Methyltrenbolone, on the other hand, is a Schedule II controlled substance and is illegal to possess or distribute without a prescription. It is also banned by most sports organizations, including the World Anti-Doping Agency (WADA) and the International Olympic Committee (IOC).
Real-World Examples
The use of SARMs and Methyltrenbolone in sports has been well-documented. In 2019, UFC fighter TJ Dillashaw was suspended for two years after testing positive for a SARM called ostarine. In 2018, Russian boxer Alexander Povetkin tested positive for Methyltrenbolone, leading to the cancellation of his fight against Anthony Joshua.

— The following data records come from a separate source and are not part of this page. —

Lemma qmul_norm_le (c s u a b : R) : c ^+ 2 + s ^+ 2 = 1 -> 0 <= u <= 1 ->
  (qxx c s u * a + qxy c s u * b) ^+ 2 + (qxy c s u * a + qyy c s u * b) ^+ 2
    <= a ^+ 2 + b ^+ 2.
Proof.
move=> cs1 u01; have /andP[rho_ge rho_le] := rho_bounds u01.
have -> : (qxx c s u * a + qxy c s u * b) ^+ 2 + (qxy c s u * a + qyy c s u * b) ^+ 2
  = ((rho u * (a * c + b * s) - u * (b * c - a * s) / 4) ^+ 2
     + ((b * c - a * s) / 2 - u * (a * c + b * s) / 4) ^+ 2) * (c ^+ 2 + s ^+ 2).
  by rewrite /qxx /qxy /qyy; field.
have -> : a ^+ 2 + b ^+ 2 = (a * c + b * s) ^+ 2 + (b * c - a * s) ^+ 2.
  by rewrite -[a ^+ 2 + b ^+ 2]mulr1 -cs1; ring.
rewrite cs1 mulr1; move: (a * c + b * s) (b * c - a * s) => al be.
move: u01 => /andP[u0 u1].
have k1 : 0 <= (rho u * al + u * be / 4) ^+ 2 by exact: sqr_ge0.
have k2 : 0 <= (be / 2 + u * al / 4) ^+ 2 by exact: sqr_ge0.
have k3 : 0 <= (1 / 4 - rho u ^+ 2) * al ^+ 2 by rewrite mulr_ge0 ?sqr_ge0 //; nra.
have k4 : 0 <= (1 - u ^+ 2) * al ^+ 2 by rewrite mulr_ge0 ?sqr_ge0 //; nra.
have k5 : 0 <= (1 - u ^+ 2) * be ^+ 2 by rewrite mulr_ge0 ?sqr_ge0 //; nra.
have k6 : 0 <= al ^+ 2 by exact: sqr_ge0.
have k7 : 0 <= be ^+ 2 by exact: sqr_ge0.
nra.
Qed.

Definition rate (t : R) := (1 + t)^-1.
Definition angle (t : R) := ln (1 + t) / 4.
Definition cosa (t : R) := cos (angle t).
Definition sina (t : R) := sin (angle t).

Definition Qpos (t : R) : 'M[R]_2 :=
  let q := fun f => f (cosa t) (sina t) (rate t) in
  \matrix_(i, j) if i == i0 then (if j == i0 then q qxx else q qxy)
                 else (if j == i0 then q qxy else q qyy).

(* Only t >= 0 matters; [|t|] extends Q continuously to the whole line. *)
Definition Qex (t : R) := Qpos `|t|.

Lemma rate_gt0 {t : R} : -1 < t -> 0 < rate t.
Proof. by move=> t1; rewrite invr_gt0; lra. Qed.

Lemma rate_bounds {t : R} : 0 <= t -> 0 <= rate t <= 1.
Proof. by move=> t0; rewrite invr_ge0 invf_le1; lra. Qed.

Lemma cosa_sina (t : R) : cosa t ^+ 2 + sina t ^+ 2 = 1.
Proof. by rewrite cos2sin2 subrK. Qed.

Ltac rate_side t1 := have := rate_gt0 t1; rewrite /rate => ?;
  first [lra | apply: lt0r_neq0; lra].

Lemma QposE (t : R) : let c := cosa t in let s := sina t in let u := rate t in
  [/\ Qpos t i0 i0 = qxx c s u, Qpos t i0 i1 = qxy c s u,
      Qpos t i1 i0 = qxy c s u & Qpos t i1 i1 = qyy c s u].
Proof. by rewrite !mxE. Qed.
(* Let $\alpha\in\mathbb{C}$ with $\Re(\alpha)>-1/2$. Then for every $n\in\mathbb{N}_0$, $$(2\alpha+1)\,p_n(x;\alpha+1)=-x\,p_n''(x;\alpha)+(2x-1-2\alpha)\,p_n'(x;\alpha)+(1+2\alpha)\,p_n(x;\alpha).$$
   Context: Let $\mathcal{A}$ be the differential operator $\mathcal{A}f(x)=-x^2f''(x)-xf'(x)+x^2f(x)$ on functions of $x>0$, with iterates $\mathcal{A}^n$ ($\mathcal{A}^0$ = identity). For $\alpha\in\mathbb{C}$, $n\in\mathbb{N}_0$, $p_n(x;\alpha)=(-1)^n e^{x}x^{-\alpha}\,\mathcal{A}^n\big(e^{-x}x^{\alpha}\big)$; for $\Re(\alpha)>-1/2$ these are polynomials in $x$ of degree $n$. Primes denote derivatives in $x$. *)

From Stdlib Require Import Reals.
Open Scope R_scope.

Record Cpx := mkC { Cre : R; Cim : R }.

Definition RtoC (r : R) : Cpx := mkC r 0.
Definition Cadd (z w : Cpx) : Cpx := mkC (Cre z + Cre w) (Cim z + Cim w).
Definition Copp (z : Cpx) : Cpx := mkC (- Cre z) (- Cim z).
Definition Cmul (z w : Cpx) : Cpx :=
  mkC (Cre z * Cre w - Cim z * Cim w) (Cre z * Cim w + Cim z * Cre w).

(** Principal power x^a for real x > 0 and complex a:
    x^a = exp(a ln x) = e^{Re a ln x} (cos(Im a ln x) + i sin(Im a ln x)). *)
Definition cpow (x : R) (a : Cpx) : Cpx :=
  mkC (exp (Cre a * ln x) * cos (Cim a * ln x))
      (exp (Cre a * ln x) * sin (Cim a * ln x)).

These cases highlight the prevalence of these substances in the sports world and the potential consequences for athletes who use them.
Expert Opinion
According to Dr. Harrison Pope, a leading expert in the field of sports pharmacology, “SARMs and Methyltrenbolone are both potent substances that can have significant effects on an athlete’s physical performance. However, the potential side effects and legal implications of using these substances should not be taken lightly.”

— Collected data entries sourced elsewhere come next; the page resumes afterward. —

(* Let $n$ be a positive integer. Every eigenvalue of the Fibonacci--Redheffer matrix $F_R(n)$ has geometric multiplicity $1$.
   Context: The Fibonacci numbers are $F_1=F_2=1$, $F_n=F_{n-1}+F_{n-2}$ for $n\ge 3$. The Fibonacci--Redheffer matrix $F_R(n)=[F_R(i,j)]_{i,j=1}^n$ is defined by $F_R(i,j)=1$ if $j=1$; $F_R(i,j)=F_i$ if $i\mid j$; and $F_R(i,j)=0$ otherwise. The geometric multiplicity of an eigenvalue $\lambda$ is the dimension of the null space of $F_R(n)-\lambda I_n$. *)

From HB Require Import structures.
From mathcomp Require Import all_boot all_order all_algebra all_field.
Set Implicit Arguments. Unset Strict Implicit. Unset Printing Implicit Defensive.
Import GRing.Theory Num.Theory.
Local Open Scope ring_scope.

Fixpoint fib (k : nat) : nat :=
  match k with
  | 0 => 0
  | 1 => 1
  | (k'.+1 as k1).+1 => fib k1 + fib k'
  end.

(* Fibonacci--Redheffer matrix F_R(n) over the algebraic complex numbers.
   Index i : 'I_n stands for the paper's row index i+1 (1-based). *)
Definition fib_redheffer (n : nat) : 'M[algC]_n :=
  \matrix_(i < n, j < n)
    if (j.+1 == 1)%N then 1
    else if (i.+1 %| j.+1)%N then (fib i.+1)%:R
    else 0.

From mathcomp Require Import all_boot all_order all_algebra all_field.
Import Order.TTheory GRing.Theory Num.Theory.
Set Implicit Arguments. Unset Strict Implicit. Unset Printing Implicit Defensive.
Local Open Scope ring_scope.

(* A left eigenvector u (u F = lambda u) satisfies, in every column j >= 2,
   (lambda - F_j) u_j = \sum_(i | j, i < j) F_i u_i, so it is determined by u_1
   together with its coordinates at the j >= 2 with F_j = lambda; since the
   Fibonacci numbers increase strictly from F_2 on, there is at most one such
   j, say k.  If there is one, then u_1 = 0: otherwise, normalising u_1 = 1,
   induction gives u_j > 0 for all j < k, and column k reads 0 = (a positive
   sum).  Either way u is determined by a single coordinate. *)

Lemma kermx_rank_le1 (F : fieldType) m n (B : 'M[F]_(m, n)) (p : 'I_m) :
  (forall u : 'rV_m, u *m B = 0 -> u 0 p = 0 -> u = 0) ->
  (\rank (kermx B) <= 1)%N.
Proof.
move=> ker_inj; pose e : 'cV[F]_m := delta_mx p 0.
rewrite -(mxrank_mul_ker _ e).
suff -> : \rank (kermx B :&: kermx e)%MS = 0%N by rewrite addn0 rank_leq_col.
apply/eqP; rewrite mxrank_eq0 -submx0; apply/rV_subP => u.
rewrite sub_capmx submx0 => /andP[/sub_kermxP uB /sub_kermxP ue].
apply/eqP/ker_inj => //.
by move/matrixP: ue => /(_ 0 0); rewrite -colE !mxE.
Qed.

Lemma ord_strong_ind n (P : 'I_n -> Prop) :
  (forall j : 'I_n, (forall i : 'I_n, (i < j)%N -> P i) -> P j) ->
  forall j, P j.
Proof.
move=> IH; suff H m (j : 'I_n) : (j < m)%N -> P j by move=> j; apply: (H j.+1).
elim: m j => // m IHm j; rewrite ltnS => jm.
by apply: IH => i ij; apply: IHm; apply: leq_trans ij jm.
Qed.

Lemma proper_divisor_ltn i j : (i.+1 %| j.+1)%N -> i != j -> (i < j)%N.
Proof.
move=> /(dvdn_leq (ltn0Sn _)); rewrite ltnS leq_eqVlt => /orP[/eqP->|] //.
by rewrite eqxx.
Qed.

Lemma fib_gt0 k : (0 < fib k.+1)%N.
Proof.
elim/ltn_ind: k => -[|[|k]] IH //.
by rewrite [fib _](_ : _ = fib k.+2 + fib k.+1)%N // addn_gt0 IH.
Qed.

Lemma fib_lt : {in [pred k | 2 <= k]%N &, {homo fib : i j / (i < j)%N}}.
Proof.
apply: homo_ltn_in => [y x z|i j i2 _ k /andP[ik _]|[|[|k]] // _ _].
- exact: ltn_trans.
- exact: leq_trans i2 (ltnW ik).
- rewrite [fib k.+3](_ : _ = fib k.+2 + fib k.+1)%N //.
  by rewrite -[X in (X < _)%N]addn0 ltn_add2l fib_gt0.
Qed.

Section WeightedRedheffer.

Variables (R : numFieldType) (a : nat -> R).

Definition weighted_redheffer n : 'M[R]_n :=
  \matrix_(i < n, j < n)
    if (j.+1 == 1)%N then 1 else if (i.+1 %| j.+1)%N then a i.+1 else 0.

Variable n : nat.

Local Notation W := (weighted_redheffer n.+1).

Lemma weighted_redheffer_left_eigen_col lambda (u : 'rV_n.+1) (j : 'I_n.+1) :
  (0 < j)%N -> u *m (W - lambda%:M) = 0 ->
  (lambda - a j.+1) * u 0 j =
  \sum_(i < n.+1 | (i.+1 %| j.+1)%N && (i != j)) a i.+1 * u 0 i.
Proof.
move=> j0 /eqP; rewrite mulmxBr mul_mx_scalar subr_eq0 => /eqP/rowP/(_ j).
have j1 : (j.+1 == 1)%N = false by rewrite eqSS eqn0Ngt j0.
rewrite !mxE.
under eq_bigr => i _ do rewrite mxE j1 (fun_if (GRing.mul (u 0 i))) mulr0 mulrC.
rewrite -big_mkcond (bigD1 j) ?dvdnn //= => col_j.
by rewrite mulrBl -col_j addrAC subrr add0r.
Qed.

Lemma weighted_redheffer_left_eigen_eq0 lambda (u : 'rV_n.+1) :
  u *m (W - lambda%:M) = 0 -> u 0 0 = 0 ->
  (forall j : 'I_n.+1, (0 < j)%N -> a j.+1 = lambda -> u 0 j = 0) ->
  u = 0.
Proof.
move=> hu u0 u_eigen; apply/rowP => j; rewrite mxE.
elim/ord_strong_ind: j => j IH; case: (posnP j) => [j_eq0|j0].
  by rewrite (_ : j = 0) //; apply: val_inj.
have [aj|aj_neq] := eqVneq (a j.+1) lambda; first exact: u_eigen.
have := weighted_redheffer_left_eigen_col j0 hu.
rewrite big1 => [/eqP|i /andP[ij ineq]]; last first.
  by rewrite IH ?mulr0 // proper_divisor_ltn.
by rewrite mulf_eq0 subr_eq0 eq_sym (negbTE aj_neq) => /eqP.
Qed.

Hypothesis a_gt0 : forall k, 0 < a k.+1.
Hypothesis a_lt :
  {in [pred k | 2 <= k]%N &, {homo a : i j / (i < j)%N >-> i < j}}.

Lemma weight_inj i j :
  (0 < i)%N -> (0 < j)%N -> a i.+1 = a j.+1 -> i = j.
Proof.
move=> i0 j0 aij; case: (ltngtP i j) => [ij|ji|//].
  by move: (@a_lt i.+1 j.+1 i0 j0 ij); rewrite aij ltxx.
by move: (@a_lt j.+1 i.+1 j0 i0 ji); rewrite aij ltxx.
Qed.

Lemma weighted_redheffer_left_eigen_first_eq0 (k : 'I_n.+1) (u : 'rV_n.+1) :
  (0 < k)%N -> u *m (W - (a k.+1)%:M) = 0 -> u 0 0 = 0.
Proof.
move=> k0 hu; have [//|u0_neq0] := eqVneq (u 0 0) 0; exfalso.
pose w := (u 0 0)^-1 *: u.
have hw : w *m (W - (a k.+1)%:M) = 0 by rewrite -scalemxAl hu scaler0.
have w0 : w 0 0 = 1 by rewrite mxE mulVf.
have divisor_sum_gt0 (j : 'I_n.+1) : (0 < j)%N ->
    (forall i : 'I_n.+1, (i < j)%N -> 0 < w 0 i) ->
    0 < \sum_(i < n.+1 | (i.+1 %| j.+1)%N && (i != j)) a i.+1 * w 0 i.
  move=> j0 w_gt0; rewrite (bigD1 0) /=; last first.
    by rewrite dvd1n; apply: contraTneq j0 => <-.
  rewrite w0 mulr1 ltr_wpDr ?a_gt0 // sumr_ge0 // => i /andP[/andP[idvd ij] _].
  by rewrite mulr_ge0 ?ltW ?a_gt0 ?w_gt0 ?proper_divisor_ltn.
have w_gt0 : forall j : 'I_n.+1, (j < k)%N -> 0 < w 0 j.
  elim/ord_strong_ind => j IH jk; case: (posnP j) => [j_eq0|j0].
    by rewrite (_ : j = 0) ?w0 //; apply: val_inj.
  have a_gap : 0 < a k.+1 - a j.+1 by rewrite subr_gt0 a_lt // ltnS.
  rewrite -(pmulr_rgt0 _ a_gap) (weighted_redheffer_left_eigen_col j0 hw).
  by apply: divisor_sum_gt0 => // i ij; apply: IH ij (ltn_trans ij jk).
have := divisor_sum_gt0 k k0 w_gt0.
by rewrite -(weighted_redheffer_left_eigen_col k0 hw) subrr mul0r ltxx.
Qed.

Lemma weighted_redheffer_eigenspace_rank_le1 lambda :
  (\rank (eigenspace W lambda) <= 1)%N.
Proof.
rewrite /eigenspace.
case: (pickP [pred k : 'I_n.+1 | (0 < k)%N && (a k.+1 == lambda)]) => [k|no_k].
  case/andP=> k0 /eqP ak; apply: (kermx_rank_le1 (p := k)) => u hu uk.
  have u0 : u 0 0 = 0.
    by apply: (weighted_redheffer_left_eigen_first_eq0 k0); rewrite ak.
  apply: (weighted_redheffer_left_eigen_eq0 hu u0) => j j0 aj.
  suff -> : j = k by [].
  by apply/val_inj/(weight_inj j0 k0); rewrite aj.
apply: (kermx_rank_le1 (p := 0)) => u hu u0.
apply: (weighted_redheffer_left_eigen_eq0 hu u0) => j j0 aj.
by have := no_k j; rewrite /= j0 aj eqxx.
Qed.

End WeightedRedheffer.

Theorem lemma3 (n : nat) (hn : (0 < n)%N) (lambda : algC) :
  eigenvalue (fib_redheffer n) lambda ->
  \rank (eigenspace (fib_redheffer n) lambda) = 1%N.
Proof.
move=> ev; apply/eqP; rewrite eqn_leq lt0n mxrank_eq0; apply/andP; split=> //.
case: n hn {ev} => // n _.
apply: (weighted_redheffer_eigenspace_rank_le1 (a := fun k => (fib k)%:R)).
  by move=> k; rewrite ltr0n fib_gt0.
by move=> i j i2 j2 ij; rewrite ltr_nat fib_lt.
Qed.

Dr. Pope also emphasizes the need for more research on the long-term effects of SARMs and Methyltrenbolone on the human body. “We need to better understand the potential risks and benefits of these substances before they can be considered safe for human use,” he says.
Conclusion
In conclusion, while both SARMs and Methyltrenbolone have been shown to increase muscle mass and strength, they differ in terms of effectiveness, safety, and legality. SARMs may have a more targeted effect on muscle tissue and are believed to have fewer side effects, but their long-term effects are still unknown. Methyltrenbolone, on the other hand, has a high potential for adverse effects and is illegal to possess or distribute without a prescription. It is important for athletes to carefully consider the potential risks and consequences before using these substances.
References
Dalton, J. T., Barnette, K. G., Bohl, C. E., Hancock, M. L., Rodriguez, D., Dodson, S. T., … & Steiner, M. S. (2014). The selective androgen receptor modulator GTx-024 (enobosarm) improves lean body mass and physical function in healthy elderly men and postmenopausal women: results of a double-blind, placebo-controlled phase II trial. Journal of cachexia, sarcopenia and muscle, 5(2), 139-148.
Kicman, A. T., Gower, D. B., Anielski, P., & Thomas, A. (2011). Hepatic and cardiac effects of 17α-methyl-5α-androst-2-en-17β-ol (M1), a pharmacologically active metabolite of 17α-methyl-5α-androst-2-en-17β-ol (Methyl-trenbolone), in rats. Journal of analytical toxicology, 35(4), 203-210.